# ~ Seeking A Show Name



## HowClever (Feb 16, 2010)

How about something like Midnight Fire


----------



## Cinnys Whinny (Apr 10, 2010)

City Heat? Country Heat? Night Wind, Night Dancer, Twilight Inferno? I don't know ha ha


----------



## Citrus (Feb 26, 2010)

Play N Splash would be a cute fun name.


----------



## BarrelracingArabian (Mar 31, 2010)

midnight romance
night to remember


----------



## Cinnys Whinny (Apr 10, 2010)

oooooh I like Midnight Romance it sounds so elegant yet playful


----------



## Qtswede (Apr 16, 2009)

I like to post at www.horsenamegame.com it's free, and tons of folks play there all the time.

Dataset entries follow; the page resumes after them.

Lemma logn_mon4 x i j k l :
  logn x (mon4 i j k l) = i * (x == p) + j * (x == q) + k * (x == r) + l * (x == s).
Proof.
case/and5P: primes_pqrs => pp pq pr ps _.
by rewrite !lognM ?muln_gt0 ?expn_gt0 ?prime_gt0 // !lognX !logn_prime.
Qed.

Lemma dvdn_mon4 i j k l i' j' k' l' :
  (mon4 i j k l %| mon4 i' j' k' l') = [&& i <= i', j <= j', k <= k' & l <= l'].
Proof.
apply/idP/and4P => [dv | [le_i le_j le_k le_l]]; last first.
  by rewrite /mon4 !dvdn_mul ?dvdn_exp2l.
have le x := dvdn_leq_log x (mon4_gt0 i' j' k' l') dv.
move: (le p) (le q) (le r) (le s); rewrite !logn_mon4 !eqxx.
move: uniq_pqrs; rewrite /= !inE !negb_or => /and4P[/and3P[pq pr ps] /andP[qr qs] rs _].
rewrite ![q == p]eq_sym ![r == _]eq_sym ![s == _]eq_sym.
rewrite (negPf pq) (negPf pr) (negPf ps) (negPf qr) (negPf qs) (negPf rs).
by rewrite !muln0 !muln1 !addn0 !add0n.
Qed.

Variables a b c d : nat.
Hypotheses (a_gt1 : 1 < a) (b_gt0 : 0 < b) (c_gt0 : 0 < c) (d_gt0 : 0 < d).

(* Cyclically consecutive divisors together reach every exponent of
   [mon4 a b c d]; for any other pair, and for a divisor with itself, the
   exponents of some prime add up to less than in [mon4 a b c d]. *)
Definition c5_divisor (i : 'I_5) : nat :=
  match val i with
  | 0 => mon4 0 b c d
  | 1 => mon4 a 0 0 d
  | 2 => mon4 1 b c 0
  | 3 => mon4 a.-1 0 c d
  | _ => mon4 a b 0 0
  end.

Lemma dvdn_c5_divisor i j : (mon4 a b c d %| c5_divisor i * c5_divisor j) = c5 i j.
Proof.
rewrite /c5_divisor.
case: i => [[|[|[|[|[|?]]]]] ?] //; case: j => [[|[|[|[|[|?]]]]] ?] //.
all: by rewrite mon4M dvdn_mon4 /c5 /=; lia.
Qed.

Theorem AG_Zn_not_perfect : ~ AG_perfect 'Z_(p ^ a * q ^ b * r ^ c * s ^ d).
Proof.
apply: (@not_AG_perfect_Zn_of_c5 _ _ c5_divisor dvdn_c5_divisor).
case/and5P: primes_pqrs => pp pq pr ps _.
have pa_gt1 : 1 < p ^ a by rewrite -(expn0 p) ltn_exp2l ?prime_gt1 // ltnW.
by rewrite /mon4 -!mulnA (leq_trans pa_gt1) // leq_pmulr // !muln_gt0 !expn_gt0 !prime_gt0.
Qed.

End FourPrimes.

Lemma dvdn_prod_primes (s : seq nat) m : all prime s -> uniq s ->
  (\prod_(p <- s) p %| m) = all (dvdn^~ m) s.
Proof.
elim: s => [|p s IH] /=; first by rewrite big_nil dvd1n.
case/andP => pp ps /andP[pNs us]; rewrite big_cons Gauss_dvd ?IH // prime_coprime //.
rewrite Euclid_dvd_prod // big_has; apply/hasPn => q qs /=.
by rewrite dvdn_prime2 ?(allP ps q qs) //; apply: contraNneq pNs => ->.
Qed.

Lemma size_lt_prod_primes (s : seq nat) : all prime s -> size s < \prod_(p <- s) p.
Proof.
elim: s => [|p s IH] /=; first by rewrite big_nil.
case/andP => pp /IH size_lt; rewrite big_cons.
exact: leq_ltn_trans size_lt (ltn_Pmull (prime_gt1 pp) (leq_ltn_trans (leq0n _) size_lt)).
Qed.

Section Squarefree.
Variable s : seq nat.
Hypotheses (primes_s : all prime s) (uniq_s : uniq s) (size_s : 0 < size s <= 4).

Local Notation n := (\prod_(p <- s) p).

Lemma squarefree_gt1 : 1 < n.
Proof.
by case/andP: size_s => size_gt0 _; apply: leq_trans (size_lt_prod_primes primes_s).
Qed.

Definition nondividing_primes (I : {set 'Z_n}) : {set seq_sub s} :=
  [set p | [exists x in I, ~~ (val p %| x)]].

Lemma ideal_prod_zero_disjoint I J :
  ideal_prod_zero I J = [disjoint nondividing_primes I & nondividing_primes J].
Proof.
apply/idP/idP => [/forall_inP prod0 | dIJ].
  rewrite -setI_eq0; apply/eqP/setP => p; rewrite !inE; apply/negP.
  move=> /andP[/exists_inP[x xI npx] /exists_inP[y yJ npy]].
  move/forall_inP: (prod0 x xI) => /(_ y yJ).
  rewrite Zn_mul_eq0 ?squarefree_gt1 // dvdn_prod_primes // => /allP/(_ _ (valP p)).
  by rewrite Euclid_dvdM ?(allP primes_s _ (valP p)) // (negPf npx) (negPf npy).
apply/forall_inP => x xI; apply/forall_inP => y yJ.
rewrite Zn_mul_eq0 ?squarefree_gt1 // dvdn_prod_primes //; apply/allP => p ps.
rewrite Euclid_dvdM ?(allP primes_s) //; case: (boolP (p %| x)) => //= npx.
have pI : SeqSub ps \in nondividing_primes I by rewrite inE; apply/exists_inP; exists x.
by move: (disjointFr dIJ pI); rewrite inE => /negbT/exists_inPn/(_ y yJ)/negPn.
Qed.
(* mean path signature Omega^0_ij = E^i[prod_{l=1}^{T^0_j} sigma_{X_{l-1} X_l}]
   = sum_{n >= 0} E^i[ ... ; T^0_j = n ], taken entrywise *)
Definition Omega0 i j : 'M[R]_d :=
  \matrix_(a < d, b < d) limn (fun N => \sum_(n < N) Omega0_term i j n a b).

End ConnGraph.

From mathcomp Require Import all_boot all_order all_algebra.
From mathcomp Require Import all_classical all_reals all_analysis.
From mathcomp Require Import ring lra.
Import numFieldNormedType.Exports.
Import Order.TTheory GRing.Theory Num.Theory.
Local Open Scope ring_scope.
Local Open Scope classical_set_scope.

(* Unfolding the harmonicity of f one step of the walk at a time, stopping
   at j, gives f x = S_N(x) f(j) + B_N(x) for every N, where S_N(x) is the
   part of Omega^0_xj carried by the walks that reach j by time N and B_N(x)
   is carried by those that do not.  Every sigma being orthogonal, averaging
   over one step does not increase the squared Frobenius norm (Jensen), so
   |B_N(x)|^2 and |S_M(x) - S_N(x)|^2 (M >= N) are bounded by a constant
   times the probability q_N(x) that the walk avoids j up to time N.  The
   limit of q_N is nonnegative, harmonic off j and zero at j, hence zero by
   the maximum principle on the connected graph.  Thus S_N(x) -> Omega^0_xj
   and B_N(x) -> 0. *)

Lemma ltr_norm_sqr (R : realFieldType) (x e : R) :
  0 < e -> x ^+ 2 < e ^+ 2 -> `|x| < e.
Proof. by move=> e_gt0 x2_lt; rewrite ltr_norml; apply/andP; split; nra. Qed.

Lemma cvg0_sqr_le (R : realFieldType) (u v : R^nat) :
  (forall n, u n ^+ 2 <= v n) -> v @ \oo --> 0 -> u @ \oo --> 0.
Proof.
move=> uv /cvgr0Pnorm_lt v_cvg0; apply/cvgr0Pnorm_lt => e e_gt0.
apply: filterS (v_cvg0 _ (exprn_gt0 2 e_gt0)) => n /= vn_lt.
exact/ltr_norm_sqr/(le_lt_trans (uv n))/(le_lt_trans (ler_norm _)).
Qed.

You can put in a pic of the horse, a short description of what you're looking for, and just check on it every few days. I usually get well over 50 suggestions per horse when I use that place, and some are absolutley ingenious.


----------



## LoveStory10 (Oct 31, 2009)

I like Solar Flare, Night Shadow or even Shadow Kiss


----------



## flamingauburnmustang (Dec 25, 2008)

Hmmm. I like Midnight Fire and Midnight Romance. Very cool names. :grin:

Any other suggestions?


----------